I remember the Brazilian dish washer screaming, “Don’t take off your clothes!!! For God’s sake keep your pants on!” before he turned away and started muttering to himself in Portuguese. He was horrified because I was standing in the middle of the restaurant’s kitchen doing a strip tease. It wasn’t to entice the kitchen staff with what was under my apron, rather I was desperately trying to remove my polyester work pants, which I’d just spilled two gallons of boiling chicken stock onto, so that they wouldn’t melt into the flesh of my thighs. I kept shucking my clothes while I yelled for my sous chef to get some ice water – and fast. I could already feel the beginnings of a really bad burn. Fortunately for me most of the kitchen accidents I’ve had were not major enough to warrant more than soap and a band-aid, but the chicken stock spill landed me in the ER.
Burns and cuts are often part of working in a professional kitchen. In my experience they are usually caused by carelessness, stupidity or simply from being rushed. Many culinary accidents, in my opinion, can be avoided. That said sometimes bad stuff just happens so you need to be able to perform instant triage (that hopefully does not include a trip to the hospital). After all the meal must go on.
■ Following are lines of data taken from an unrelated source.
(* As $\ell\to0$, $\frac{F(\omega_1(\ell))+F(\omega_{-1}(\ell))}{2}=F(\kappa)$, $\frac{F(\omega_1(\ell))-F(\omega_{-1}(\ell))}{2}=\Big(F'(\kappa)+(\kappa F''(\kappa)-F'(\kappa))\frac{\ell^2}{2\kappa^2}\Big)\xi_+(\ell)+\frac16F'''(\kappa)\,\xi_+(\ell)^3+O(\ell^5)$, and $\xi_+(\ell)=\ell\sqrt{-\frac{F'(\kappa)}{\kappa F''(\kappa)}}\Big(1+\frac{\ell^2}{2\kappa^2}\Big(\frac34-\frac{F'(\kappa)}{\kappa F''(\kappa)}+\frac\kappa4\Big(\frac{F''(\kappa)}{F'(\kappa)}-2\frac{F'''(\kappa)}{F''(\kappa)}\Big)+\frac{\kappa}{12}\frac{F''''(\kappa)F'(\kappa)}{F''(\kappa)^2}\Big)\Big)+O(\ell^5)$.
   Context: Fix $\kappa>0$ and set $\mu_0:=\kappa/\tanh(\kappa)$. Let $F:\mathbb R\to\mathbb R$ be the odd analytic function with $F(r)=\sqrt{r\tanh r}$ for $r\ge0$ (one has $F'>0$ and $F''(\kappa)<0$). For $n\in\mathbb Z$, $(\ell,\xi)\in\mathbb R^2$ set $|n\kappa|_{\ell,\xi}:=\sqrt{(n\kappa+\xi)^2+\ell^2}$ and $\lambda^\pm_{n,\ell,\xi}:=i(n\kappa+\xi\pm\sqrt{\mu_0}F(|n\kappa|_{\ell,\xi}))$. Let $\xi_+$ be the odd analytic function defined near $0$ with $\xi_+'(0)>0$ such that $\lambda^-_{1,\ell,\xi_+(\ell)}=\lambda^+_{-1,\ell,\xi_+(\ell)}$ for all small $\ell$, and set $\omega_j(\ell):=\sqrt{(j\kappa+\xi_+(\ell))^2+\ell^2}$ for $j\in\mathbb Z$. *)

From Stdlib Require Import Reals.
From Coquelicot Require Import Coquelicot.
Open Scope R_scope.

(* F : the odd function with F r = sqrt (r tanh r) for r >= 0.
   Since r * tanh r is even and >= 0, for r < 0 we set F r = - sqrt (r tanh r). *)
Definition F (r : R) : R :=
  if Rle_dec 0 r then sqrt (r * tanh r) else - sqrt (r * tanh r).

Definition mu0 (kappa : R) : R := kappa / tanh kappa.

Definition absnk (kappa : R) (n : Z) (l xi : R) : R :=
  sqrt ((IZR n * kappa + xi) ^ 2 + l ^ 2).

Definition lam_plus (kappa : R) (n : Z) (l xi : R) : C :=
  Cmult Ci (RtoC (IZR n * kappa + xi + sqrt (mu0 kappa) * F (absnk kappa n l xi))).
Definition lam_minus (kappa : R) (n : Z) (l xi : R) : C :=
  Cmult Ci (RtoC (IZR n * kappa + xi - sqrt (mu0 kappa) * F (absnk kappa n l xi))).

Definition is_xi_plus (kappa : R) (xi : R -> R) : Prop :=
  (exists (a : nat -> R) (r : R), 0 < r /\
     forall l, Rabs l < r ->
       xi (- l) = - xi l /\
       is_pseries a l (xi l) /\
       lam_minus kappa 1 l (xi l) = lam_plus kappa (-1) l (xi l))
  /\ (exists d, is_derive xi 0 d /\ 0 < d).

Definition omega (kappa : R) (xi : R -> R) (j : Z) (l : R) : R :=
  absnk kappa j l (xi l).

Definition dF (k : nat) (x : R) : R := Derive_n F k x.

From Stdlib Require Import Reals Lra Lia List.
From Coquelicot Require Import Coquelicot.
Import ListNotations.
Open Scope R_scope.

(** Write [omega_{+-1} = kappa + branch kappa (+-xi l) l], where
    [branch kappa x l = sqrt ((kappa + x)^2 + l^2) - kappa].  The imaginary parts of
    the eigenvalue equation say [F omega_1 + F omega_{-1} = 2 F kappa], because
    [sqrt mu0 * F kappa = kappa].  Since [xi] is odd and analytic,
    [xi = b1 l + b3 l^3 + O(l^5)]; hence [xi = O(l)], each branch is a polynomial in
    [(xi, l)] up to [O(l^5)], and Taylor's formula for [F] at [kappa] turns
    [F omega_{+-1}] into polynomials in [(xi, l)] up to [O(l^5)].  Half their difference
    is the second expansion.  In their sum, substituting the expansion of [xi] leaves
    [c2 l^2 + c4 l^4 = O(l^5)], so [c2 = c4 = 0]; these two equations determine [b1 > 0]
    and [b3], which is the third expansion.

    The polynomial truncations are done by reflection: when the variables have known
    orders [O(l^w_i)], a polynomial splits into its monomials of weight [< 5], computed by
    evaluation, and the others, which are [O(l^5)]. *)

Lemma pow_le_1_antimono (a : R) (m n : nat) :
  0 <= a <= 1 -> (m <= n)%nat -> a ^ n <= a ^ m.
Proof.
  intros Ha Hmn. replace n with (m + (n - m))%nat by lia. rewrite pow_add.
  rewrite <- (Rmult_1_r (a ^ m)) at 2. apply Rmult_le_compat_l; [now apply pow_le|].
  rewrite <- (pow1 (n - m)). now apply pow_incr.
Qed.

Definition near0 (P : R -> Prop) : Prop :=
  exists delta, 0 < delta /\ forall l, Rabs l < delta -> P l.

Lemma near0_abs_lt eps : 0 < eps -> near0 (fun l => Rabs l < eps).
Proof. intros Heps. now exists eps. Qed.

Lemma near0_impl (P Q : R -> Prop) : near0 P -> (forall l, P l -> Q l) -> near0 Q.
Proof. intros [d [Hd HP]] HPQ. exists d. split; auto. Qed.

Lemma near0_and (P Q : R -> Prop) : near0 P -> near0 Q -> near0 (fun l => P l /\ Q l).
Proof.
  intros [d1 [Hd1 HP]] [d2 [Hd2 HQ]]. exists (Rmin d1 d2).
  split; [now apply Rmin_glb_lt|]. intros l Hl.
  pose proof (Rmin_l d1 d2). pose proof (Rmin_r d1 d2). split; [apply HP | apply HQ]; lra.
Qed.

Lemma near0_continuity_pt (f : R -> R) :
  continuity_pt f 0 -> near0 (fun l => Rabs (f l) <= Rabs (f 0) + 1).
Proof.
  intros Hf. destruct (Hf 1 Rlt_0_1) as [d [Hd Hfd]]. exists d. split; auto.
  intros l Hl. destruct (Req_dec l 0) as [->|Hl0]; [lra|].
  assert (H : Rabs (f l - f 0) < 1).
  { apply (Hfd l). split; [split; [exact I | auto]|].
    simpl. unfold R_dist. now rewrite Rminus_0_r. }
  pose proof (Rabs_triang_inv (f l) (f 0)). lra.
Qed.

Definition bigO (n : nat) (f : R -> R) : Prop :=
  exists C, near0 (fun l => Rabs (f l) <= C * Rabs l ^ n).

Lemma bigO_le n (f g : R -> R) :
  bigO n g -> near0 (fun l => Rabs (f l) <= Rabs (g l)) -> bigO n f.
Proof.
  intros [C HC] Hfg. exists C. apply (near0_impl _ _ (near0_and _ _ HC Hfg)).
  intros l [H1 H2]. lra.
Qed.

Lemma bigO_eq n (f g : R -> R) : bigO n g -> near0 (fun l => f l = g l) -> bigO n f.
Proof.
  intros Hg Hfg. apply (bigO_le n f g Hg). apply (near0_impl _ _ Hfg).
  intros l ->. lra.
Qed.

Lemma bigO_ext n (f g : R -> R) : bigO n g -> (forall l, f l = g l) -> bigO n f.
Proof.
  intros Hg Hfg. apply (bigO_eq _ _ _ Hg). exists 1. split; [lra|]. intros l _. apply Hfg.
Qed.

Lemma bigO_const c : bigO 0 (fun _ => c).
Proof. exists (Rabs c). exists 1. split; [lra|]. intros l _. simpl. lra. Qed.

Lemma bigO_zero n : bigO n (fun _ => 0).
Proof. exists 0. exists 1. split; [lra|]. intros l _. rewrite Rabs_R0. lra. Qed.

Lemma bigO_id : bigO 1 (fun l => l).
Proof. exists 1. exists 1. split; [lra|]. intros l _. simpl. lra. Qed.

Lemma bigO_add n (f g : R -> R) : bigO n f -> bigO n g -> bigO n (fun l => f l + g l).
Proof.
  intros [C1 H1] [C2 H2]. exists (C1 + C2). apply (near0_impl _ _ (near0_and _ _ H1 H2)).
  intros l [Hf Hg]. eapply Rle_trans; [apply Rabs_triang | lra].
Qed.

Lemma bigO_scal n c (f : R -> R) : bigO n f -> bigO n (fun l => c * f l).
Proof.
  intros [C HC]. exists (Rabs c * C). apply (near0_impl _ _ HC). intros l Hl.
  rewrite Rabs_mult, Rmult_assoc. apply Rmult_le_compat_l; [apply Rabs_pos | exact Hl].
Qed.

Lemma bigO_opp n (f : R -> R) : bigO n f -> bigO n (fun l => - f l).
Proof.
  intros Hf. apply (bigO_ext n _ _ (bigO_scal n (-1) f Hf)). intros l. ring.
Qed.

Lemma bigO_sub n (f g : R -> R) : bigO n f -> bigO n g -> bigO n (fun l => f l - g l).
Proof. intros Hf Hg. exact (bigO_add n f _ Hf (bigO_opp n g Hg)). Qed.

Lemma bigO_mul m n (f g : R -> R) :
  bigO m f -> bigO n g -> bigO (m + n) (fun l => f l * g l).
Proof.
  intros [C1 H1] [C2 H2]. exists (C1 * C2). apply (near0_impl _ _ (near0_and _ _ H1 H2)).
  intros l [Hf Hg]. rewrite Rabs_mult, pow_add.
  replace (C1 * C2 * (Rabs l ^ m * Rabs l ^ n)) with ((C1 * Rabs l ^ m) * (C2 * Rabs l ^ n))
    by ring.
  apply Rmult_le_compat; auto using Rabs_pos.
Qed.

Lemma bigO_pow n k (f : R -> R) : bigO n f -> bigO (n * k) (fun l => f l ^ k).
Proof.
  intros Hf. induction k as [|k IH].
  - rewrite Nat.mul_0_r. exact (bigO_const 1).
  - replace (n * S k)%nat with (n + n * k)%nat by lia. exact (bigO_mul _ _ _ _ Hf IH).
Qed.

Lemma bigO_weaken m n (f : R -> R) : (m <= n)%nat -> bigO n f -> bigO m f.
Proof.
  intros Hmn [C HC]. exists (Rabs C).
  apply (near0_impl _ _ (near0_and _ _ HC (near0_abs_lt 1 Rlt_0_1))). intros l [Hf Hl].
  eapply Rle_trans; [apply Hf|].
  eapply Rle_trans; [apply Rmult_le_compat_r, Rle_abs; apply pow_le, Rabs_pos|].
  apply Rmult_le_compat_l; [apply Rabs_pos|].
  apply pow_le_1_antimono; auto. split; [apply Rabs_pos | lra].
Qed.

Lemma bigO_small n (f : R -> R) eps :
  0 < eps -> bigO (S n) f -> near0 (fun l => Rabs (f l) <= eps).
Proof.
  intros Heps Hf. destruct (bigO_weaken 1 (S n) f ltac:(lia) Hf) as [C HC].
  set (d := eps / (Rabs C + 1)).
  assert (Hd : 0 < d) by (apply Rdiv_lt_0_compat; [lra | pose proof (Rabs_pos C); lra]).
  apply (near0_impl _ _ (near0_and _ _ HC (near0_abs_lt d Hd))). intros l [Hfl Hl].
  rewrite pow_1 in Hfl. eapply Rle_trans; [apply Hfl|].
  apply Rle_trans with ((Rabs C + 1) * d); [|right; unfold d; field; pose proof (Rabs_pos C); lra].
  pose proof (Rabs_pos C). pose proof (Rabs_pos l).
  apply Rle_trans with (Rabs C * Rabs l); [apply Rmult_le_compat_r; auto using Rle_abs|].
  apply Rmult_le_compat; lra.
Qed.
Let me start by saying I am not a doctor, I am a cook. So what I am about to tell you is not medical advice, rather wisdom from forty years behind the stove. If you have a truly horrific burn (third degree or some second degree ones) by all means get yourself to a hospital. Click here to read about the different levels of burns and what the professionals think you should do.
When it comes to first and second-degree kitchen burns I am a big believer in two things – ice water and aloe vera. In my experience Aloe vera, when applied immediately, seems to reduce the burn by a degree or two. When I was first learning to make jam I poured boiling hot kumquat jam on my hand. Note to jam makers – do not hold the jar as you fill it, place it on the counter, even if you don’t have a funnel and are worried some jam may spill, trust me on this. My screams brought my Dad into the kitchen where we proceeded to have a heated discussion about the merits of him taking me to the doctor vs. me sending him to the gardening store to buy an aloe plant. My hand was submerged in a sink full of ice water while we went back and forth but finally he zoomed off to the gardening store. Between the ice water bath and slathering aloe all over my hand the moment Dad returned I didn’t have a mark from where the boiling hot liquid had landed on my skin, which is amazing when you consider the temperature of cooked jam is a whopping 220ºF.
It’s easier to have an aloe plant on hand then to send someone out to buy one. They’re pretty easy to care for (says she of the not-very-green-thumb). A lot of sun, a bit of water every so often, then as they get bigger a new pot. Despite Obama care they are also probably cheaper than a trip to the doctor or emergency room. If you’ve never used aloe before just cut or pull off a leaf and slit it open. The gooey, slimy stuff on the inside is what you want to slather all over a burn. Don’t wash it off, just keep reapplying every so often.
Part of knowing how to cook is knowing what to do when things go wrong, and I’m not just taking about if you over salt the soup. Pay attention and know that those extra few minutes of being careful to prevent an accident will be much less time in the long run than if you have to take care for yourself because you do get hurt.
2 responses to “Fight the Fire with Some Green”
Yikes! No wonder we had a massive aloe plant in the kitchen for years. What a mother doesn’t know keeps her watering a plant she finds needs a lot of space in the kitchen. The many wonderfully good things that have come out of your kitchen take some of the dangers of cookery down a few pegs. Thanks for the advice.
Such great advice Cynthia! I will remember this and am going to get myself an aloe plant asap.